But Norquist, who heads Americans for Tax Reform, an anti-tax group based in Washington, said the critics are barking up the wrong tree.

"One, I think he'll win," Norquist said on NBC's "Meet the Press" program. "Two, I think he'll win because he's done the right thing for the economy."

Norquist went on to say that, over the past four years, the 30 states controlled by Republican governors have cut taxes by more than $30 billion, while the 20 controlled by Democratic governors raised taxes by $40 billion.

With that in mind, he argued that voters have a simple choice.

"If you want your taxes higher, vote for a Democrat governor," he said. "If you want lower taxes, vote for a Republican governor."

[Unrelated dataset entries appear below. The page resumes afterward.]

Lemma giota_fixed_lift y : giota (phi y) = phi y -> giota y = y.
Proof.
move=> lg; case hy: (half_edge y); last by move/negbFE: hy => /giota_vertex.
apply/eqP/negPn/negP => ne.
have := morph_edge_half (introT andP (conj hy ne)).
by rewrite /edge_half lg eqxx andbF orbF vertex_morph; move/negP: hy.
Qed.

Lemma val_over_dilation v : phi v \in C ->
  (Defs.val v + valC C (phi v) = 2 * Defs.val (phi v))%N.
Proof.
move=> vC; rewrite -(val_valC_sum C); congr (_ + _)%N.
have fv : fibre (phi v) = [set v].
  move: vC; rewrite mem_dilation => /cards1P[v' E].
  have : v \in fibre (phi v) by rewrite inE.
  by rewrite E inE => /eqP ->.
rewrite (val_by_fibres v morph_root half_edge_morph); apply: eq_bigr => h /andP[_ /eqP rh].
rewrite -card_fibre; apply: eq_card => y; rewrite !inE.
case: (eqVneq (phi y) h) => [py|]; rewrite ?andbF ?andbT //.
have : groot y \in fibre (phi v) by rewrite inE morph_root py rh.
by rewrite fv inE => /eqP ->; rewrite eqxx.
Qed.

End UnramifiedHyperelliptic.

Lemma dilation_cycle (G T : graph) (phi : gX G -> gX T) (d : gX G -> nat) :
  unramified_hyperelliptic phi d -> is_cycle (dilation phi).
Proof.
move=> H; split=> [x xC|w wC vw].
  by split; [exact: (dilation_root H) | rewrite (dilation_iota H)].
have [v pv] := fibre_nonempty H w.
have vv : vertex v by rewrite -(vertex_morph H) pv.
have := val_over_dilation H (v := v); rewrite pv => /(_ wC) vals.
have := morph_unramified H vv; rewrite (morph_deg H v) pv wC.
rewrite /chi (tree_gwt0 (morph_tree H) vw) => U.
have -> : valC (dilation phi) w = (2 * (1 + gwt v))%N by lia.
by rewrite oddM /=; split => //; lia.
Qed.

(** * The double cover glued along a cycle *)

Section DoubleCover.
Variables (T : graph) (C : {set gX T}).
Hypothesis C_sub : subgraph C.
Implicit Types (x : gX T) (b : bool).

Lemma subgraph_iota x : (giota x \in C) = (x \in C).
Proof. by apply/idP/idP => [/C_sub[_]|/C_sub[_ //]]; rewrite giota_inv. Qed.

Lemma subgraph_root x : x \in C -> groot x \in C.
Proof. by case/C_sub. Qed.

(* The point [(x, b)] lies on sheet [b] over [x]; over [C] only sheet [false]
   is kept, so the two sheets are glued along [C]. *)
Definition dc_point (p : gX T * bool) := (p.1 \in C) ==> ~~ p.2.
Definition dcoverX := {p : gX T * bool | dc_point p}.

Appearing alongside Norquist, What's the Matter with Kansas? author Thomas Frank had a decidedly different take, saying Brownback's tax cuts have led directly to the state's financial problems.

"The promise was that this would lead to a kind of immediate economic boom in the state, and that hasn't materialized," Frank said. "But it has, of course, had the obvious effect of cutting off revenues coming into the state, and that, in turn, has had all the problems that you would expect … [in terms of] public schools and state services."

Earlier this year, Moody's downgraded Kansas's credit rating, citing the state's sluggish recovery post-recession — a move that wasn't overlooked by "Meet the Press" host Chuck Todd, who challenged Norquist to explain how the tax cuts have benefited the state.

"A lot of people think [the downgrade] is because of these tax cuts," Todd said.

Norquist disputed that notion, arguing that Kansas is in better economic shape than the critics acknowledge.

"They've had 57,000 jobs in the private sector created in Kansas; they've actually been spending more money, each year in the state, on education than in the past," he said.

"The reason why the entire left in the country has jumped on top of Kansas is they have provided a model, a successful model, that will phase out the income tax," Norquist added.